- Opening Delimiter -

Lemma integral_fbar_ext_PDelta_ge (D : R) :
  {ae mu, forall t, in_PDelta D (P t)} -> 0 < D < 1/2 ->
  ((10/9 * D)%:E <= \int[lebesgue_measure]_(y in `[(1 - D)%R, 1%R]) fbar_ext y)%E.
Proof.
move=> PD D01; set A := (`[(1 - D)%R, 1%R] : set R).
have A_gt0 y : A y -> 0 < y.
  by rewrite /A /= in_itv /= => /andP[Dy _]; apply: lt_le_trans Dy; lra.
have mA : measurable A by exact: measurable_itv.
pose k z := (f1_uncurry z * \1_A z.2)%:E.
have mk : measurable_fun setT k.
  apply/measurable_EFinP; apply: measurable_funM; first exact: measurable_f1_uncurry.
  by apply: measurableT_comp; [exact: measurable_indic mA | exact: measurable_snd].
have k0 z : (0 <= k z)%E by rewrite lee_fin mulr_ge0 ?f1_uncurry_ge0.
have -> : (\int[lebesgue_measure]_(y in A) fbar_ext y =
           \int[lebesgue_measure]_y \int[mu]_t k (t, y))%E.
  rewrite integral_mkcond; apply: eq_integral => y _; rewrite patchE.
  case: ifPn => yA; first by apply: eq_integral => t _; rewrite /k indicE yA mulr1.
  by under eq_integral do rewrite /k indicE (negbTE yA) mulr0; rewrite integral0.
rewrite -(@fubini_tonelli _ _ _ _ _ mu lebesgue_measure k mk k0).
apply: (@le_trans _ _ (\int[mu]_t (cst (10/9 * D)%:E) t)%E).
  by rewrite integral_cst //= probability_setT mule1.
apply: (ae_ge0_le_integral measurableT).
- by move=> t _; rewrite lee_fin; apply: mulr_ge0 => //; case/andP: D01 => /ltW.
- exact: measurable_cst.
- by move=> t _; apply: integral_ge0.
- exact: (@measurable_fun_fubini_tonelli_F _ _ _ _ _ lebesgue_measure k mk k0).
apply: filterS PD => t Pt _.
have -> : (\int[lebesgue_measure]_y k (t, y) =
           \int[lebesgue_measure]_(y in A) (f1 (P t) y)%:E)%E.
  rewrite [RHS]integral_mkcond; apply: eq_integral => y _; rewrite patchE /k indicE.
  by case: ifPn => yA; rewrite ?mulr1 ?mulr0 // f1_uncurryE //; apply/A_gt0/set_mem.
exact: integral_f1_PDelta_ge.
Qed.

Lemma f1_uncurry_le_card t y :
  is_probvec (P t) -> 0 < y <= 1 -> f1_uncurry (t, y) <= #|W|%:R.
Proof.
move=> Pt /andP[y0 y1]; rewrite -sumr_const; apply: ler_sum => w _; rewrite indicE.
have [Pw|Pw] := boolP (0 < P t w); last first.
  by rewrite memNset ?mul0r //= in_itv /= andbT; exact/negP.
rewrite mem_set ?mul1r /=; last by rewrite in_itv /= andbT.
have e0 : 0 <= (P t w)^-1 - 1.
  by rewrite subr_ge0 invr_ge1 ?probvec_le1 ?unitfE ?gt_eqF.
by rewrite -[X in _ <= X]expR0 ler_expR mulr_ge0_le0 // ln_le0.
Qed.

(* Finiteness matters because [fbar] is defined through [fine], which sends
   [+oo] to [0]. *)
Lemma fbar_ext_le_card y : {ae mu, forall t, is_probvec (P t)} -> 0 < y <= 1 ->
  (fbar_ext y <= #|W|%:R%:E)%E.
Proof.
move=> Pprob y01.
apply: (@le_trans _ _ (\int[mu]_t (cst (#|W|%:R : R)%:E) t)%E); last first.
  by rewrite integral_cst //= probability_setT mule1.
apply: (ae_ge0_le_integral measurableT).
- by move=> t _; rewrite lee_fin f1_uncurry_ge0.
- exact: measurableT_comp measurable_EFin_f1_uncurry (pair2_measurable y).
- by move=> t _; rewrite lee_fin.
- exact: measurable_cst.
by apply: filterS Pprob => t Pt _; rewrite lee_fin f1_uncurry_le_card.
Qed.

Lemma fbarE y : {ae mu, forall t, is_probvec (P t)} -> 0 < y <= 1 ->
  (fbar mu P y)%:E = fbar_ext y.
Proof.
move=> Pprob y01; rewrite fbar_fine_ext; last by case/andP: y01.
rewrite fineK // ge0_fin_numE; last first.
  by apply: integral_ge0 => t _; rewrite lee_fin f1_uncurry_ge0.
exact: le_lt_trans (fbar_ext_le_card Pprob y01) (ltey _).
Qed.

Lemma measurable_sqr_fbar_subr1 :
  measurable_fun (`[0%R, 1%R] : set R) (fun y => ((fbar mu P y - 1) ^+ 2)%:E).
Proof.
apply: (emeasurable_fun_itv_cc (b0 := false) (b1 := false)).
apply/measurable_EFinP; apply: measurable_funX; apply: measurable_funB => //.
apply: (measurable_funS _ _ measurable_fbar) => // y.
by rewrite /= !in_itv /= andbT => /andP[].
Qed.

(* [integral_sqr_subr1_ge] with [k = 10/9], the lower bound on the mean of
   [fbar] over the window: 2/9 * 10/9 - 19/81 = 1/81. *)
Lemma integral_sqr_fbar_subr1_ge (D : R) :
  {ae mu, forall t, in_PDelta D (P t)} -> 0 < D < 1/2 ->
  ((81^-1 * D)%:E <=
   \int[lebesgue_measure]_(y in `[(1 - D)%R, 1%R]) ((fbar mu P y - 1) ^+ 2)%:E)%E.
Proof.
move=> PD D01; have /andP[D0 _] := D01.
have Pprob : {ae mu, forall t, is_probvec (P t)} by apply: filterS PD => t [].
set A := (`[(1 - D)%R, 1%R] : set R).
have mA : measurable A by exact: measurable_itv.
have A_pos y : A y -> 0 < y <= 1.
  by rewrite /A /= in_itv /= => /andP[Dy ->]; rewrite andbT; lra.
have mfA : measurable_fun A (fbar mu P).
  apply: (measurable_funS _ _ measurable_fbar) => // y /A_pos.
  by rewrite /= in_itv /= => /andP[->].
have lebA : lebesgue_measure A = D%:E.
  by rewrite lebesgue_measure_itv /= lte_fin ltrBlDr ltrDl D0 -EFinD opprB addrC subrK.
have fbarA : (\int[lebesgue_measure]_(y in A) (fbar mu P y)%:E =
              \int[lebesgue_measure]_(y in A) fbar_ext y)%E.
  by apply: eq_integral => y /set_mem /A_pos; exact: fbarE.
have k1 : 1 <= 10/9 :> R by lra.
have := integral_sqr_subr1_ge lebesgue_measure mA mfA (fun y _ => fbar_ge0 y) k1.
rewrite fbarA [X in (_ <= _ + _ * X)%E](_ : _ = D%:E) //.
rewrite -EFinM (_ : (10 / 9) ^+ 2 - 1 = 19/81 :> R); last by field.
rewrite (_ : 2 * (10 / 9 - 1) = 2/9 :> R); last by field.
have -> : 81^-1 * D = 2/9 * (10/9 * D) - 19/81 * D by field.
rewrite EFinB leeBlDr //; apply: le_trans.
by rewrite EFinM lee_wpmul2l ?lee_fin // integral_fbar_ext_PDelta_ge.
Qed.

End fbar_ext.

Theorem lemmaA5 :
  exists c : rat, 0 < c /\
  forall (R : realType) (W : finType) (d : measure_display) (T : measurableType d)
         (mu : probability T R)
         (P : T -> W -> R) (Delta : R),
    (forall w : W, measurable_fun setT (fun t => P t w)) ->
    {ae mu, forall t, in_PDelta Delta (P t)} ->
    Delta < 1 / 2 ->
    ((ratr c * Delta)%:E <=
     \int[(@lebesgue_measure R)]_(y in `[0%R, 1%R])
        ((fbar mu P y - 1) ^+ 2)%:E)%E.
Proof.
exists (81%:R)^-1; split => // R W d T mu P Delta mP PD Delta_lt.
rewrite fmorphV rmorph_nat.
have F0 y : (0 <= ((fbar mu P y - 1) ^+ 2)%:E)%E by rewrite lee_fin sqr_ge0.
have [Delta_le0|Delta_gt0] := leP Delta 0.
  apply: (@le_trans _ _ 0%E); first by rewrite lee_fin mulr_ge0_le0.
  by apply: integral_ge0 => y _; exact: F0.
have Delta01 : 0 < Delta < 1/2 by rewrite Delta_gt0.
apply: (le_trans (integral_sqr_fbar_subr1_ge mP PD Delta01)).
have mF := measurable_sqr_fbar_subr1 mu mP.
apply: ge0_subset_integral => // y.
by rewrite /= !in_itv /= => /andP[Dy ->]; rewrite andbT; lra.
Qed.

- Closing Delimiter -

Go through the entries above and copy out every line that includes the word "move".

move=> PD D01; set A := (`[(1 - D)%R, 1%R] : set R).
- by move=> t _; rewrite lee_fin; apply: mulr_ge0 => //; case/andP: D01 => /ltW.
- by move=> t _; apply: integral_ge0.
move=> Pt /andP[y0 y1]; rewrite -sumr_const; apply: ler_sum => w _; rewrite indicE.
move=> Pprob y01.
- by move=> t _; rewrite lee_fin f1_uncurry_ge0.
- by move=> t _; rewrite lee_fin.
move=> Pprob y01; rewrite fbar_fine_ext; last by case/andP: y01.
move=> PD D01; have /andP[D0 _] := D01.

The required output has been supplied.